Last Update: Wednesday, August 20, 2014
|Cohn Exhibit Celebrates the Glamour of Hollywood Cowboys|
|Written by San Fernando Valley Sun|
|Thursday, 10 October 2013 03:13|
Costumes, Cars Are Featured In Newly Opening Valley Relics Museum
Information Provided To The San Fernando Sun/El Sol
Photo Courtesy of Valley Relics Museum
The contemporary love for cowboys dates back to at least the mid-20th century. In the 1940s, Roy Rogers,' Dale Evans' and Gene Autry's cowboy films were among the most popular in the theaters, and cowboy crooners Hank Williams, Tex Williams and Porter Wagoner topped the music charts.
These urban cowboys sparkled with the glitz of Hollywood. Their outfits were adorned with rhinestones and colorful embroidery.
The man behind this look was fashion designer Nudie Cohn. His "Nudie Suits" remain sought after fashion pieces for urban cowboys even though he died nearly 30 years ago. Cohn was also known for his 18 outrageously customized cars called "Nudiemobiles."
Starting Saturday, Oct. 12, the public will be able to see two such vehicles, a 1975 Cadillac and a 1968 station wagon, at the brand new Valley Relics Museum in Chatsworth. They can also view a trailer owned by the late Roy Rogers and Dale Evans, who lived in Chatsworth from 1955 to 1965.
These vehicles and some of Cohn's fashion creations are the focal points of a special "Nudie Cohn" exhibit at the new museum.
Jamie Nudie, Cohn's granddaughter, has loaned Valley Relics the cars, the trailer and some of her grandfather's famous costumes. She has donated other items, such as photographs and her grandparents' household items that will become a permanent part of the Valley Relics collection.

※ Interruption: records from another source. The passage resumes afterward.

(* Under the CRFE, $(\hat{\boldsymbol{\tau}}'-\boldsymbol{\tau}',\hat{\boldsymbol{\theta}}_x')'$ has mean zero, and for $1\le h\le H$, $\mathrm{Cov}(\hat{\boldsymbol{\tau}}-\boldsymbol{\tau},\hat{\boldsymbol{\theta}}_x[h])=\boldsymbol{W}_{\tau x}[h]=2^{-2(K-1)}\sum_{q=1}^Qn_q^{-1}(\boldsymbol{b}_q\boldsymbol{c}_q[h]')\otimes\boldsymbol{S}_{q,x}$, $\mathrm{Cov}(\hat{\boldsymbol{\theta}}_x[h])=\boldsymbol{W}_{xx}[h]=2^{-2(K-1)}\sum_{q=1}^Qn_q^{-1}(\boldsymbol{c}_q[h]\boldsymbol{c}_q[h]')\otimes\boldsymbol{S}_{xx}$, and $\mathrm{Cov}(\hat{\boldsymbol{\theta}}_x[h],\hat{\boldsymbol{\theta}}_x[\tilde h])=\boldsymbol{0}$ for $h\ne\tilde h$.
   Context: Setup ($2^K$ factorial experiment, finite population). $K\ge1$ two-level factors, $Q=2^K$ treatment combinations $q=1,\dots,Q$; combination $q$ sets factor $k$ at $\iota_k(q)\in\{-1,+1\}$, bijectively onto $\{-1,+1\}^K$. $F=Q-1$ factorial effects, one per nonempty $A\subseteq\{1,\dots,K\}$, enumerated $f=1,\dots,F$, with $g_{fq}=\prod_{k\in A}\iota_k(q)$; $\boldsymbol{b}_q=(g_{1q},\dots,g_{Fq})'$. Units $i=1,\dots,n$ have fixed potential outcomes $Y_i(q)$ and covariates $\boldsymbol{x}_i\in\mathbb{R}^L$; $\bar Y(q),\bar{\boldsymbol{x}}$ means; $\boldsymbol{\tau}=2^{-(K-1)}\sum_q\boldsymbol{b}_q\bar Y(q)$. Finite-population (co)variances with divisor $n-1$: $\boldsymbol{S}_{xx}$ of $\boldsymbol{x}$; $\boldsymbol{S}_{q,x}$ between $Y(q)$ and $\boldsymbol{x}$. CRFE: fixed $n_q\ge1$, $\sum n_q=n$; $\boldsymbol{Z}$ uniform over assignments with $n_q$ units in combination $q$; $\hat{\bar Y}(q),\hat{\bar{\boldsymbol{x}}}(q)$ group-$q$ means of observed outcomes $Y_i(Z_i)$ and covariates; $\hat{\boldsymbol{\tau}}=2^{-(K-1)}\sum_q\boldsymbol{b}_q\hat{\bar Y}(q)$. Tiers: partition $\{1,\dots,F\}$ into disjoint nonempty $\mathcal{F}_1,\dots,\mathcal{F}_H$, $\mathcal{F}_{\overline h}=\bigcup_{l\le h}\mathcal{F}_l$. $\tilde{\boldsymbol{B}}=2^{-2(K-1)}\sum_qn_q^{-1}\boldsymbol{b}_q\boldsymbol{b}_q'$; $\boldsymbol{b}_q[\mathcal{I}]$ is the subvector with indices in $\mathcal{I}$ and $\tilde{\boldsymbol{B}}[\mathcal{I},\mathcal{J}]$ the submatrix. $\boldsymbol{c}_q[1]=\boldsymbol{b}_q[\mathcal{F}_1]$, and for $h\ge2$, $\boldsymbol{c}_q[h]=\boldsymbol{b}_q[\mathcal{F}_h]-\tilde{\boldsymbol{B}}[\mathcal{F}_h,\mathcal{F}_{\overline{h-1}}]\{\tilde{\boldsymbol{B}}[\mathcal{F}_{\overline{h-1}},\mathcal{F}_{\overline{h-1}}]\}^{-1}\boldsymbol{b}_q[\mathcal{F}_{\overline{h-1}}]$. $\hat{\boldsymbol{\theta}}_x[h]=2^{-(K-1)}\sum_q\boldsymbol{c}_q[h]\otimes\hat{\bar{\boldsymbol{x}}}(q)$ and $\hat{\boldsymbol{\theta}}_x=(\hat{\boldsymbol{\theta}}_x[1]',\dots,\hat{\boldsymbol{\theta}}_x[H]')'$. *)

From HB Require Import structures.
From mathcomp Require Import all_boot all_order all_algebra.
From mathcomp Require Import mxtens.
Set Implicit Arguments. Unset Strict Implicit. Unset Printing Implicit Defensive.
Import Order.TTheory GRing.Theory Num.Theory.
Local Open Scope ring_scope.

"My grandfather was a huge part of the history of the San Fernando Valley," Jamie Nudie said. "That's why it is fantastic that Tommy Gelinas is creating this exhibit and opening Valley Relics Museum. He will put smiles on everyone's faces who remember the history of San Fernando Valley when my grandfather was alive."
Cohn was born as Nuta Kotlyarenko on Dec. 15, 1902 in Ukraine, a place that for most of his life was considered part of the United Soviet Socialist Republic (USSR). Cohn was born 15 years before the Soviet Union came into being, but by then his parents had already sent him and his brother Julius to America.

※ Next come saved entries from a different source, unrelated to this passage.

(* Let $t\geqslant 2$, $r\in\{2t,2t+1\}$ and $n\geqslant 2r-1$. (1) Let $2\leqslant s\leqslant r$ and $\ell=2s-1$. Let $I^{\ell}\in\mathrm{Sym}_n$ be a permutation whose non-trivial cycles are one cycle of length $\ell$ and $r-s$ cycles of length $2$, so that $w_H(I^\ell)=2r-1$. Then $$|N_3(I^{\ell})|=\begin{cases}\ell\sum_{i=1}^{s-1}\binom{r-s}{t-i}, & r=2t,\\[2pt] \ell\sum_{i=1}^{s-2}\binom{r-s}{t-i}, & r=2t+1.\end{cases}$$ (2) Let $2\leqslant s\leqslant r-2$ and $\ell=2s$. Let $I^{\ell}\in\mathrm{Sym}_n$ be a permutation whose non-trivial cycles are one cycle of length $\ell$, one cycle of length $3$ and $r-s-2$ cycles of length $2$, so that $w_H(I^\ell)=2r-1$. Then $$|N_3(I^{\ell})|=\begin{cases}2(\ell+3)\binom{r-s-2}{t-1}+\ell\sum_{i=1}^{s-2}\binom{r-s-1}{t-i-1}, & r=2t,\\[2pt] \ell\sum_{i=1}^{s-1}\binom{r-s-1}{t-i}, & r=2t+1.\end{cases}$$
   Context: $\mathrm{Sym}_n$ is the symmetric group on $[n]$, and $w_H(\pi)=|\{i:\pi(i)\neq i\}|$. $Tc(\pi)=\{(i,\pi(i)):\pi(i)\neq i\}$. For $\pi$ with $w_H(\pi)=2r-1$, $N_3(\pi)=\{\sigma\in\mathrm{Sym}_n:|Tc(\sigma)\cap Tc(\pi)|=r-1,\ |Tc(\sigma)|=r\}$. Binomial convention: $\binom{0}{0}=1$ and $\binom{p}{q}=0$ if $p<q$, $p<0$ or $q<0$. Empty sums are $0$. *)

From mathcomp Require Import all_boot all_order all_algebra all_fingroup.
Set Implicit Arguments. Unset Strict Implicit. Unset Printing Implicit Defensive.

Definition wH (n : nat) (p : {perm 'I_n}) : nat := #|[set i | p i != i]|.

Definition Tc (n : nat) (p : {perm 'I_n}) : {set 'I_n * 'I_n} :=
  [set x | (x.2 == p x.1) && (p x.1 != x.1)].

Definition N3 (n r : nat) (p : {perm 'I_n}) : {set {perm 'I_n}} :=
  [set q | (#|Tc q :&: Tc p| == r.-1) && (#|Tc q| == r)].

Definition cycle_count (n : nat) (p : {perm 'I_n}) (k : nat) : nat :=
  #|[set X in porbits p | #|X| == k]|.

Definition binz (a : nat) (b : int) : nat :=
  match b with Posz k => 'C(a, k) | Negz _ => 0 end.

After Cohn married Helen "Bobby" Kruger in 1934, the couple moved to New York, where he became a tailor. In the early 1940s, they relocated to California and in 1947 began selling custom-made western wear in North Hollywood. Their original store was known as "Nudie's of Hollywood," but in 1963 they relocated to a larger store and renamed the business "Nudie's Rodeo Tailors."
Their customers not only included the singing and acting cowboys who were famous before 1950. Later customers included Elvis Presley, John Lennon, Elton John, Ronald Reagan and dozens more celebrities and famous cowboys.
Cohn's wife Helen and granddaughter Jamie (who changed her last name to Nudie's first to honor his legacy) kept "Nudie's Rodeo Tailors" open until 1994,10 years after Cohn died. The shop clothed movie stars, musicians and people who loved the urban cowboy look Nudie had made famous.
Jamie noted that while her grandfather may be best known as a clothier to the stars, he also did much to help those less fortunate. He gave money to a children's home, and also helped the Los Angeles Police Department with their efforts to the extent that for many years, he was known as the "Honorary Sheriff " of North Hollywood.
"After my grandfather died, they never named anyone else the Honorary Sheriff," Jamie said. "No one could fit that role as he did. He made a lot of money in his career, but he lived a very simple life in North Hollywood, so he could give much back to the community."